Error training on GPU backends using Torch Connector

ktasha45 commented 2 years ago

Environment

Qiskit Machine Learning version: 0.3.0
Python version: 3.9.7
Operating system: Windows 10

What is happening?

Torch connector seems to expect all the data to be in the CPU and fails when its run on a GPU. Using the qiskit-aer-gpu backends does not change the outcome. Since the function is in the library, we cannot control its output

RuntimeError                              Traceback (most recent call last)
<ipython-input-19-b69affc5324d> in <module>()
      5     for batch_idx, (data, target) in enumerate(test_loader):
      6         data = data[:, 0, :, :].reshape(-1, 1, 28, 28)
----> 7         output = model4(data)
      8         if len(output.shape) == 1:
      9             output = output.reshape(1, *output.shape)

/usr/local/lib/python3.7/dist-packages/qiskit_machine_learning/connectors/torch_connector.py in forward(ctx, input_data, weights, neural_network, sparse) 

    102             ctx.sparse = sparse
    103             ctx.save_for_backward(input_data, weights)
--> 104             result = neural_network.forward(input_data.numpy(), weights.numpy())
    105             if neural_network.sparse and sparse:
    106                 if not _HAS_SPARSE:

TypeError: can't convert cuda:0 device type tensor to numpy.
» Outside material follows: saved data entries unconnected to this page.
(* Let $\sigma>0$ and let $X$ be lognormal$(0,\sigma^2)$, i.e. $X=e^{Y}$ with $Y\sim\mathrm{N}(0,\sigma^2)$, with density $f(x)=\frac{1}{x\sigma\sqrt{2\pi}}e^{-(\log x)^2/(2\sigma^2)}$, $x>0$. For $\theta>0$ let $\mathcal{L}(\theta)=\mathbb{E}[e^{-\theta X}]$, $\kappa(\theta)=\log\mathcal{L}(\theta)$, and let $F_\theta$ be the probability distribution on $(0,\infty)$ with density $f_\theta(x)=e^{-\theta x-\kappa(\theta)}f(x)$; write $\mathbb{E}_\theta$ and $\mathrm{Var}_\theta$ for the expectation and variance of $X$ when $X\sim F_\theta$. Define $$\mu_\theta=-\mathcal{W}(\theta\sigma^2),\qquad \sigma_\theta^2=\frac{\sigma^2}{1+\mathcal{W}(\theta\sigma^2)},$$ where $\mathcal{W}$ is the Lambert W function. Then $$\lim_{\theta\to\infty}\frac{\mathbb{E}_\theta[X]}{\exp\{\mu_\theta+\sigma_\theta^2/2\}}=1,\qquad \lim_{\theta\to\infty}\frac{\mathrm{Var}_\theta[X]}{\exp\{2\mu_\theta+\sigma_\theta^2\}\,\bigl(e^{\sigma_\theta^2}-1\bigr)}=1.$$
   Context: The Lambert W function $\mathcal{W}(a)$ for $a>0$ is the unique (positive) solution $w$ of $we^{w}=a$. $F_\theta$ is the exponentially tilted (Esscher transformed) lognormal distribution. *)

From Stdlib Require Import Reals ClassicalEpsilon.
From Coquelicot Require Import Coquelicot.
Open Scope R_scope.

Definition LambertW (a : R) : R :=
  epsilon (inhabits 0) (fun w => 0 < w /\ w * exp w = a).

Definition lognormal_pdf (sigma x : R) : R :=
  / (x * sigma * sqrt (2 * PI)) * exp (- (ln x) ^ 2 / (2 * sigma ^ 2)).

Definition int0inf (g : R -> R) : R :=
  RInt_gen g (at_right 0) (Rbar_locally p_infty).

Definition laplace (sigma theta : R) : R :=
  int0inf (fun x => exp (- theta * x) * lognormal_pdf sigma x).
Definition kappa (sigma theta : R) : R := ln (laplace sigma theta).

Definition tilted_pdf (sigma theta x : R) : R :=
  exp (- theta * x - kappa sigma theta) * lognormal_pdf sigma x.

Definition tilted_mean (sigma theta : R) : R :=
  int0inf (fun x => x * tilted_pdf sigma theta x).
Definition tilted_var (sigma theta : R) : R :=
  int0inf (fun x => (x - tilted_mean sigma theta) ^ 2 * tilted_pdf sigma theta x).

Definition mu_theta (sigma theta : R) : R := - LambertW (theta * sigma ^ 2).
Definition sigma2_theta (sigma theta : R) : R :=
  sigma ^ 2 / (1 + LambertW (theta * sigma ^ 2)).

From Stdlib Require Import Reals Lra Psatz ClassicalEpsilon.
From Coquelicot Require Import Coquelicot.
Open Scope R_scope.

(* Let w = W(theta sigma^2), t = 1 + w, and substitute x = exp (v / sqrt t - w).  Since
   w e^w = theta sigma^2, the tilted density becomes, up to a constant factor, the kernel
   G_t(v) = exp (- phi_t(v) / sigma^2), phi_t(v) = (t - 1)(e^u - 1 - u) + u^2/2 with u = v / sqrt t.
   Hence E_theta X = e^{-w} A1/A0 and Var_theta X = e^{-2w} (A2/A0 - (A1/A0)^2), where
   A_k = int e^{k u} G_t(v) dv.  For large t the kernels are dominated by a fixed multiple of
   e^{-3|v|} and bounded below on [-1, 1], so all the moments involved are O(1).  Integrating
   the derivatives of G_t and of e^u G_t over the line gives the Stein-type identities
   (t - 1)(A1 - A0) = - int u G_t and sigma^2 A1 = (t - 1)(A2 - A1) + int u e^u G_t, whence
   A1/A0 = 1 + O(t^{-3/2}) and A2/A0 - (A1/A0)^2 = sigma^2/t (1 + o(1)).  As sigma_theta^2 =
   sigma^2/t and t -> oo with theta, both ratios tend to 1. *)

Lemma continuous_of_ex_derive (f : R -> R) x : ex_derive f x -> continuous f x.
Proof. exact (@ex_derive_continuous R_AbsRing R_NormedModule f x). Qed.

Lemma continuity_pt_of_ex_derive (f : R -> R) x : ex_derive f x -> continuity_pt f x.
Proof. intros H. apply continuity_pt_filterlim, continuous_of_ex_derive, H. Qed.

Lemma exp_le_compat a b : a <= b -> exp a <= exp b.
Proof.
  intros H. destruct (Req_dec a b) as [->|E]; [lra|left; apply exp_increasing; lra].
Qed.

Lemma le_exp_self x : x <= exp x.
Proof. pose proof (exp_ineq1_le x). lra. Qed.

Lemma exp_mult_two x : exp (2 * x) = exp x * exp x.
Proof. rewrite <- exp_plus. f_equal. ring. Qed.

Lemma exp_remainder2_sign x : 0 <= x * (exp x - 1 - x - x ^ 2 / 2).
Proof.
  destruct (MVT_gen (fun y => exp y - 1 - y - y ^ 2 / 2) 0 x (fun y => exp y - 1 - y))
    as [c [Hc E]].
  - intros y _. auto_derive; auto. field.
  - intros y _. apply continuity_pt_of_ex_derive. auto_derive; auto.
  - simpl in E. rewrite exp_0 in E. pose proof (exp_ineq1_le c).
    unfold Rmin, Rmax in Hc. destruct (Rle_dec 0 x).
    + assert (0 <= (exp c - 1 - c) * x) by (apply Rmult_le_pos; lra). nra.
    + assert (0 <= (exp c - 1 - c) * (- x)) by (apply Rmult_le_pos; lra). nra.
Qed.

Lemma exp_ge_taylor3 x : 1 + x + x ^ 2 / 2 + x ^ 3 / 6 <= exp x.
Proof.
  destruct (MVT_gen (fun y => exp y - 1 - y - y ^ 2 / 2 - y ^ 3 / 6) 0 x
              (fun y => exp y - 1 - y - y ^ 2 / 2)) as [c [Hc E]].
  - intros y _. auto_derive; auto. field.
  - intros y _. apply continuity_pt_of_ex_derive. auto_derive; auto.
  - simpl in E. rewrite exp_0 in E. pose proof (exp_remainder2_sign c).
    unfold Rmin, Rmax in Hc.
    destruct (Req_dec c 0) as [->|Hc0]; [rewrite exp_0 in E; nra|].
    destruct (Rle_dec 0 x).
    + assert (0 <= exp c - 1 - c - c ^ 2 / 2)
        by (destruct (Rle_lt_dec (exp c - 1 - c - c ^ 2 / 2) 0); [nra|lra]).
      nra.
    + assert (exp c - 1 - c - c ^ 2 / 2 <= 0)
        by (destruct (Rle_lt_dec (exp c - 1 - c - c ^ 2 / 2) 0); [lra|nra]).
      nra.
Qed.

Lemma exp_remainder_ge_sqr u : -2 <= u -> u ^ 2 / 6 <= exp u - 1 - u.
Proof. intros H. pose proof (exp_ge_taylor3 u). nra. Qed.

Lemma exp_remainder_ge_lin u : u <= -2 -> - u / 2 <= exp u - 1 - u.
Proof. intros H. pose proof (exp_pos u). lra. Qed.
(* Let $P=\{x\in\mathbb R^n : Ax=b,\ Bx\le d\}$ with $A\in\mathbb R^{m_A\times n}$, $B\in\mathbb R^{m_B\times n}$ be a pointed polyhedron. Then the cone $$C_{A,B}=\{(x,y^+,y^-)\in\mathbb R^{n+2m_B} : Ax=0,\ Bx=y^+-y^-,\ y^+,y^-\ge 0\}$$ is pointed and is generated by a set of extreme rays $S\cup T'$, where: (1) $S:=\{(g,y^+,y^-) : g\in\mathcal C(A,B),\ y^+_i=\max\{(Bg)_i,0\},\ y^-_i=\max\{-(Bg)_i,0\}\ \text{for } i\le m_B\}$ (these give the circuits of $P$); (2) $T'$ is a subset of $T:=\{(0,y^+,y^-) : \text{for some } i\le m_B,\ y^+_i=y^-_i=1 \text{ and } y^+_j=y^-_j=0 \text{ for } j\ne i\}$ with $|T'|\le m_B$. That is, the extreme rays of $C_{A,B}$ are exactly the rays spanned by the elements of $S\cup T'$.
   Context: $P$ is pointed means $\operatorname{rank}\binom{A}{B}=n$. The set of circuits $\mathcal C(A,B)$ of $P$ consists of all $g\in\ker(A)\setminus\{0\}$ normalized to coprime integer components for which $Bg$ is support-minimal over $\{Bx : x\in\ker(A)\setminus\{0\}\}$, i.e. no $x\in\ker(A)\setminus\{0\}$ satisfies $\operatorname{supp}(Bx)\subsetneq\operatorname{supp}(Bg)$. *)

From HB Require Import structures.
From mathcomp Require Import all_boot all_order all_algebra.
From mathcomp Require Import reals.
Set Implicit Arguments. Unset Strict Implicit. Unset Printing Implicit Defensive.
Import Order.TTheory GRing.Theory Num.Theory.
Local Open Scope ring_scope.

Section Defs.
Variable R : realType.

Definition supp m (v : 'cV[R]_m) : {set 'I_m} := [set i | v i 0 != 0].

Definition ratmx m k (M : 'M[rat]_(m, k)) : 'M[R]_(m, k) := map_mx (@ratr R) M.
Definition intcv k (g : 'cV[int]_k) : 'cV[R]_k := map_mx (fun z : int => z%:~R) g.

Definition pointed_poly mA mB n (A : 'M[R]_(mA, n)) (B : 'M[R]_(mB, n)) : Prop :=
  \rank (col_mx A B) = n.

Definition circuit mA mB n (A : 'M[R]_(mA, n)) (B : 'M[R]_(mB, n))
    (g : 'cV[int]_n) : Prop :=
  [/\ g != 0,
      A *m intcv g = 0,
      (\big[gcdn/0%N]_(i < n) `|g i ord0|%N = 1)%N &
      ~ exists x : 'cV[R]_n,
          [/\ x != 0, A *m x = 0 & supp (B *m x) \proper supp (B *m intcv g)]].

Definition xpart n mB (z : 'cV[R]_(n + (mB + mB))) : 'cV[R]_n := usubmx z.
Definition yppart n mB (z : 'cV[R]_(n + (mB + mB))) : 'cV[R]_mB := usubmx (dsubmx z).
Definition ympart n mB (z : 'cV[R]_(n + (mB + mB))) : 'cV[R]_mB := dsubmx (dsubmx z).
Definition triple n mB (x : 'cV[R]_n) (yp ym : 'cV[R]_mB) : 'cV[R]_(n + (mB + mB)) :=
  col_mx x (col_mx yp ym).

Definition coneC mA mB n (A : 'M[R]_(mA, n)) (B : 'M[R]_(mB, n))
    (z : 'cV[R]_(n + (mB + mB))) : Prop :=
  [/\ A *m xpart z = 0,
      B *m xpart z = yppart z - ympart z &
      forall i, 0 <= yppart z i 0 /\ 0 <= ympart z i 0].

Definition pointed_cone N (C : 'cV[R]_N -> Prop) : Prop :=
  forall z, C z -> C (- z) -> z = 0.

Definition extreme_ray N (C : 'cV[R]_N -> Prop) (r : 'cV[R]_N) : Prop :=
  [/\ r != 0, C r &
      forall u v, C u -> C v -> r = u + v -> exists a : R, 0 <= a /\ u = a *: r].

Definition generates N (G C : 'cV[R]_N -> Prop) : Prop :=
  forall z, C z <-> exists (k : nat) (c : 'I_k -> R) (p : 'I_k -> 'cV[R]_N),
    (forall j, 0 <= c j /\ G (p j)) /\ z = \sum_(j < k) c j *: p j.

Definition Sset mA mB n (A : 'M[R]_(mA, n)) (B : 'M[R]_(mB, n))
    (z : 'cV[R]_(n + (mB + mB))) : Prop :=
  exists g : 'cV[int]_n, circuit A B g /\
    z = triple (intcv g)
               (\col_i Num.max ((B *m intcv g) i 0) 0)
               (\col_i Num.max (- (B *m intcv g) i 0) 0).

Definition Telem n mB (i : 'I_mB) : 'cV[R]_(n + (mB + mB)) :=
  triple 0 (\col_j (j == i)%:R) (\col_j (j == i)%:R).

End Defs.
Lemma closed_all (T : Type) (P : T -> R * R -> bool) (s : seq T) :
  (forall c, closed [set p | P c p]) -> closed [set p | all (P^~ p) s].
Proof.
move=> Pcl; elim: s => [|c s IH] /=; first by rewrite set_true; exact: closedT.
have -> : [set p | P c p && all (P^~ p) s] = [set p | P c p] `&` [set p | all (P^~ p) s].
  by apply/seteqP; split => p /= /andP.
exact: closedI.
Qed.

Lemma setdist_ge (S B : set (R * R)) (b : R) : S !=set0 -> B !=set0 ->
  (forall x y, S x -> B y -> b <= edist x y) -> b <= setdist S B.
Proof.
move=> [x Sx] [y By] le_b; apply: lb_le_inf; first by exists (edist x y), x, y.
by move=> _ [x' [y' [Sx' By' ->]]]; apply: le_b.
Qed.

Lemma setdist_setU_image (S B : set (R * R)) (s : R * R -> R * R) :
  involutive s -> (forall p q, edist (s p) (s q) = edist p q) ->
  (forall p, S p -> S (s p)) -> setdist S (B `|` s @` B) = setdist S B.
Proof.
move=> sK s_isom Ss; rewrite /setdist; congr inf.
apply/seteqP; split => _ [x [y [Sx By ->]]]; last by exists x, y; split => //; left.
case: By => [By | [y' By' <-]]; first by exists x, y.
by exists (s x), y'; split => //; [exact: Ss | rewrite -s_isom sK].
Qed.

End EuclideanPlane.

Section Similitudes.
Context {R : realType}.
Implicit Types (lam : R) (p q : R * R).

Definition cconj p : R * R := (p.1, - p.2).

Lemma cconjK : involutive cconj.
Proof. by case=> x y; rewrite /cconj opprK. Qed.

Lemma edist_cconj p q : edist (cconj p) (cconj q) = edist p q.
Proof. by rewrite /edist /cconj /= -opprD sqrrN. Qed.

Lemma continuous_cconj : continuous cconj.
Proof.
move=> p; apply: (@cvg_pair _ _ _ (nbhs p) (nbhs p.1) (nbhs (- p.2))).
- exact: cvg_fst.
- by apply: cvgN; exact: cvg_snd.
Qed.

Lemma ifsmap_edist lam j p q :
  edist (ifsmap lam j p) (ifsmap lam j q) = `|lam| * edist p q.
Proof.
rewrite /edist -sqrtr_sqr -sqrtrM ?sqr_ge0 //; congr Num.sqrt.
rewrite /ifsmap /theta /=; set c := cos _; set s := sin _.
transitivity (lam ^+ 2 * (c ^+ 2 + s ^+ 2) * ((p.1 - q.1) ^+ 2 + (p.2 - q.2) ^+ 2)).
  by ring.
by rewrite cos2Dsin2 mulr1.
Qed.

Lemma cconj_ifsmap lam j p : cconj (ifsmap lam j p) = ifsmap lam j.+1 (cconj p).
Proof.
rewrite /ifsmap /theta /cconj /= exprS mulN1r !mulNr cosN sinN.
congr (_, _); ring.
Qed.

Lemma ifsmapSS lam j : ifsmap lam j.+2 = ifsmap lam j.
Proof. by rewrite /ifsmap /theta !exprS !mulN1r opprK. Qed.

Lemma cos_pi3 : cos (pi / 3 : R) = 1 / 2.
Proof.
have pi_gt0 : (0 : R) < pi := pi_gt0 R.
have cos_gt0 : 0 < cos (pi / 3 : R) by apply: cos_gt0_pihalf; lra.
(* cos (2 pi / 3) = 2 c^2 - 1 = - c for c = cos (pi / 3) > 0 *)
have : cos ((pi / 3) *+ 2 : R) = - cos (pi / 3).
  have -> : (pi / 3) *+ 2 = pi - pi / 3 :> R by rewrite mulr2n; field.
  by rewrite cosB cospi sinpi; ring.
rewrite cos_mulr2n; nra.
Qed.

Local Notation s3 := (Num.sqrt (3 : R)).

Lemma sqrt3_sqr : s3 * s3 = 3.
Proof. by rewrite -expr2 sqr_sqrtr // ler0n. Qed.

Lemma sin_pi3 : sin (pi / 3 : R) = s3 / 2.
Proof.
have pi_gt0 : (0 : R) < pi := pi_gt0 R.
have sin_gt0 : 0 < sin (pi / 3 : R) by apply: sin_gt0_pi; lra.
have := sin2cos2 (pi / 3 : R); rewrite cos_pi3.
have := sqrt3_sqr; have := sqrtr_ge0 (3 : R); nra.
Qed.

Lemma ifsmap1E lam p :
  ifsmap lam 1 p = (1 + lam * p.1 / 2 + lam * s3 * p.2 / 2, lam * p.2 / 2 - lam * s3 * p.1 / 2).
Proof.
rewrite /ifsmap /theta /= expr1 mulN1r mulNr cosN sinN cos_pi3 sin_pi3.
congr (_, _); ring.
Qed.

Lemma ifsmap2E lam p :
  ifsmap lam 2 p = (1 + lam * p.1 / 2 - lam * s3 * p.2 / 2, lam * p.2 / 2 + lam * s3 * p.1 / 2).
Proof.
rewrite /ifsmap /theta /= sqrrN expr1n mul1r cos_pi3 sin_pi3.
congr (_, _); ring.
Qed.

(* In the coordinates (x, sqrt 3 y) both maps have rational coefficients. *)
Definition lform (a b : R) p : R := a * p.1 + b * (s3 * p.2).

Lemma continuous_lform a b : continuous (lform a b).
Proof.
move=> p; apply: cvgD; apply: cvgMl_tmp; first exact: cvg_fst.
by apply: cvgMl_tmp; exact: cvg_snd.
Qed.

(* Pulling back along f_1 (resp. f_2) turns the direction (a, sqrt 3 b) of a linear form
   by +60 (resp. -60) degrees. *)
Lemma lform_ifsmap1 lam a b p :
  lform a b (ifsmap lam 1 p) = a + lam * lform (a / 2 - 3 * b / 2) (a / 2 + b / 2) p.
Proof. by rewrite -[in RHS]sqrt3_sqr ifsmap1E /lform /=; ring. Qed.

Lemma lform_ifsmap2 lam a b p :
  lform a b (ifsmap lam 2 p) = a + lam * lform (a / 2 + 3 * b / 2) (b / 2 - a / 2) p.
Proof. by rewrite -[in RHS]sqrt3_sqr ifsmap2E /lform /=; ring. Qed.

Lemma ifsmap_gap lam p q : s3 * ((ifsmap lam 2 q).2 - (ifsmap lam 1 p).2) =
  lam * (lform (3 / 2) (-1 / 2) p + lform (3 / 2) (1 / 2) q).
Proof. by rewrite -[in RHS]sqrt3_sqr ifsmap1E ifsmap2E /lform /=; ring. Qed.

End Similitudes.

Section Polygon.
Context {R : realType}.
Variable lam : R.

(* [supp<d>] is the minimum over the attractor of the linear form in direction d degrees
   (of length 1 for d = 0, 60, 120, 180 and sqrt 3 for d = 30, 90, 150): these values
   solve h(u) = <u, 1> + lam * min_j h(rot_j u), which makes [polygon] invariant. *)
Definition supp120 := - (1 + 2 * lam) / (2 * (1 - lam ^+ 2)).
Definition supp180 := - (2 + lam) / (2 * (1 - lam ^+ 2)).
Definition supp60 := 1 / 2 + lam * supp120.
Definition supp0 := 1 + lam * supp60.
Definition supp150 := - 3 / (2 * (1 - lam)).
Definition supp90 := lam * supp150.
Definition supp30 := 3 / 2 + lam * supp90.

Lemma supp_fixpoint : 0 < lam -> lam < 1 ->
  [/\ supp120 = - 1 / 2 + lam * supp180, supp180 = - 1 + lam * supp120
    & supp150 = - 3 / 2 + lam * supp150].
Proof.
move=> lam_gt0 lam_lt1; have lam1 : 0 < 1 - lam by lra.
have lam2 : 0 < 1 - lam ^+ 2 by nra.
by split; rewrite /supp120 /supp180 /supp150; field; rewrite lt0r_neq0.
Qed.

Lemma supp_ub : 0 < lam -> lam < 1 -> supp120 <= - (2 + lam) / 4 /\ supp150 <= - 3 / 2.
Proof.
move=> lam_gt0 lam_lt1; have lam2 : 0 < 2 * (1 - lam ^+ 2) by nra.
by split; rewrite ler_pdivrMr //; nra.
Qed.

Lemma supp_le : 0 < lam -> lam < 1 ->
  [/\ supp120 <= supp0, supp180 <= supp60, supp150 <= supp90 & supp90 <= supp30].
Proof.
move=> lam_gt0 lam_lt1.
have [_ e180 _] := supp_fixpoint lam_gt0 lam_lt1.
have [ub120 ub150] := supp_ub lam_gt0 lam_lt1.
have n120 : supp120 < 0 by lra.
have n150 : supp150 < 0 by lra.
have lam2 : 0 < 1 - lam ^+ 2 by nra.
have lam1 : 0 < lam * (1 - lam) by nra.
rewrite /supp0 /supp60 /supp30 /supp90; split; nra.
Qed.

Definition polygon_constraints : seq (R * R * R) :=
  [:: (supp0, 1, 0); (supp60, 1 / 2, 1 / 2); (supp60, 1 / 2, - 1 / 2);
      (supp120, - 1 / 2, 1 / 2); (supp120, - 1 / 2, - 1 / 2); (supp180, - 1, 0);
      (supp30, 3 / 2, 1 / 2); (supp30, 3 / 2, - 1 / 2); (supp90, 0, 1);
      (supp90, 0, - 1); (supp150, - 3 / 2, 1 / 2); (supp150, - 3 / 2, - 1 / 2)].

Definition polygon : set (R * R) :=
  [set p | all (fun c : R * R * R => c.1.1 <= lform c.1.2 c.2 p) polygon_constraints].

Lemma polygon_ifsmap j p : 0 < lam -> lam < 1 -> (j = 1 \/ j = 2)%N ->
  polygon p -> polygon (ifsmap lam j p).
Proof.
move=> lam_gt0 lam_lt1 hj.
have [e120 e180 e150] := supp_fixpoint lam_gt0 lam_lt1.
have [l0 l60 l90 l30] : [/\ lam * supp120 <= lam * supp0, lam * supp180 <= lam * supp60,
    lam * supp150 <= lam * supp90 & lam * supp90 <= lam * supp30].
  by have [? ? ? ?] := supp_le lam_gt0 lam_lt1; split; rewrite ler_pM2l.
have scale (c : R * R * R) :
    c.1.1 <= lform c.1.2 c.2 p -> lam * c.1.1 <= lam * lform c.1.2 c.2 p.
  by rewrite ler_pM2l.
move=> /(sub_all scale); rewrite /= /lform; clear scale.
move=> /and4P [h1 h2 h3 /and4P [h4 h5 h6 /and4P [h7 h8 h9 /and4P [h10 h11 h12 _]]]].
have [e0 e60 e30 e90] : [/\ supp0 = 1 + lam * supp60, supp60 = 1 / 2 + lam * supp120,
  supp30 = 3 / 2 + lam * supp90 & supp90 = lam * supp150] by [].
case: hj => ->; rewrite /polygon /= ?lform_ifsmap1 ?lform_ifsmap2 /lform andbT;
  by repeat (apply/andP; split); lra.
Qed.

Lemma supp0E : 0 < lam -> lam < 1 ->
  supp0 = 1 + lam / 2 - lam ^+ 2 * (1 + 2 * lam) / (2 * (1 - lam ^+ 2)).
Proof.
move=> lam_gt0 lam_lt1; have lam2 : 0 < 1 - lam ^+ 2 by nra.
by rewrite /supp0 /supp60 /supp120; field; rewrite lt0r_neq0.
Qed.

Lemma supp30E : 0 < lam -> lam < 1 ->
  lam * (supp30 + supp30) = 3 * lam - 3 * (lam ^+ 3 / (1 - lam)).
Proof.
move=> lam_gt0 lam_lt1; have lam1 : 0 < 1 - lam by lra.
by rewrite /supp30 /supp90 /supp150; field; rewrite lt0r_neq0.
Qed.

Lemma polygon_closed : closed polygon.
Proof.
apply: closed_all => c.
exact: preimage_closed (fun p _ => continuous_lform c.1.2 c.2 p) (@closed_ge _ c.1.1).
Qed.

Lemma polygon_base_point : 0 < lam -> lam < 1 -> polygon (1 + lam / 2, 0).
Proof.
move=> lam_gt0 lam_lt1.
have [_ e180 e150] := supp_fixpoint lam_gt0 lam_lt1.
have [ub120 ub150] := supp_ub lam_gt0 lam_lt1.
rewrite /polygon /lform /= !mulr0 !addr0 /supp0 /supp60 /supp30 /supp90 andbT.
by repeat (apply/andP; split); nra.
Qed.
Use Tensor.cpu() to copy the tensor to host memory first.

How can we reproduce the issue?

Imports and set GPU

import numpy as np
import matplotlib.pyplot as plt

import torch
from torch.autograd import Function
from torchvision import datasets, transforms
import torch.optim as optim
import torch.nn as nn
import torch.nn.functional as F

import qiskit
from qiskit import transpile, assemble, Aer
from qiskit.visualization import *

import matplotlib.pyplot as plt
from torchvision.transforms.functional import to_pil_image

from pathlib import Path
import numpy as np
import pandas as pd
from PIL import Image
import sklearn
from sklearn.model_selection import train_test_split

import torchvision
from torchvision import transforms
from torch.utils.data import DataLoader
import torch.nn.functional as F

import matplotlib.pyplot as plt
from torchvision.transforms.functional import to_pil_image

import numpy as np
import matplotlib.pyplot as plt
import cv2

from torch import Tensor
from torch.nn import Linear, CrossEntropyLoss, MSELoss
from torch import cat, no_grad, manual_seed
from torch.utils.data import DataLoader
from torchvision import datasets, transforms
import torch.optim as optim
from torch.nn import (Module,Conv2d,Linear,Dropout2d,NLLLoss,MaxPool2d,Flatten,Sequential,ReLU,CrossEntropyLoss
)

from qiskit import Aer, QuantumCircuit
from qiskit.utils import QuantumInstance, algorithm_globals
from qiskit.opflow import AerPauliExpectation
from qiskit.circuit import Parameter
from qiskit.circuit.library import RealAmplitudes, ZZFeatureMap
from qiskit_machine_learning.neural_networks import CircuitQNN, TwoLayerQNN
from qiskit_machine_learning.connectors import TorchConnector

from qiskit.providers.aer import AerError
if torch.cuda.is_available():
    DEVICE = torch.device('cuda')
else:
    DEVICE = torch.device('cpu')

Set Simulator

simulator_gpu = Aer.get_backend('aer_simulator_statevector')
simulator_gpu.set_options(device=DEVICE)

Set Dataset

train_dataset = torchvision.datasets.ImageFolder(root = "Enter path",transform = torchvision.transforms.ToTensor())
test_dataset = torchvision.datasets.ImageFolder(root = "Enter path",transform = torchvision.transforms.ToTensor())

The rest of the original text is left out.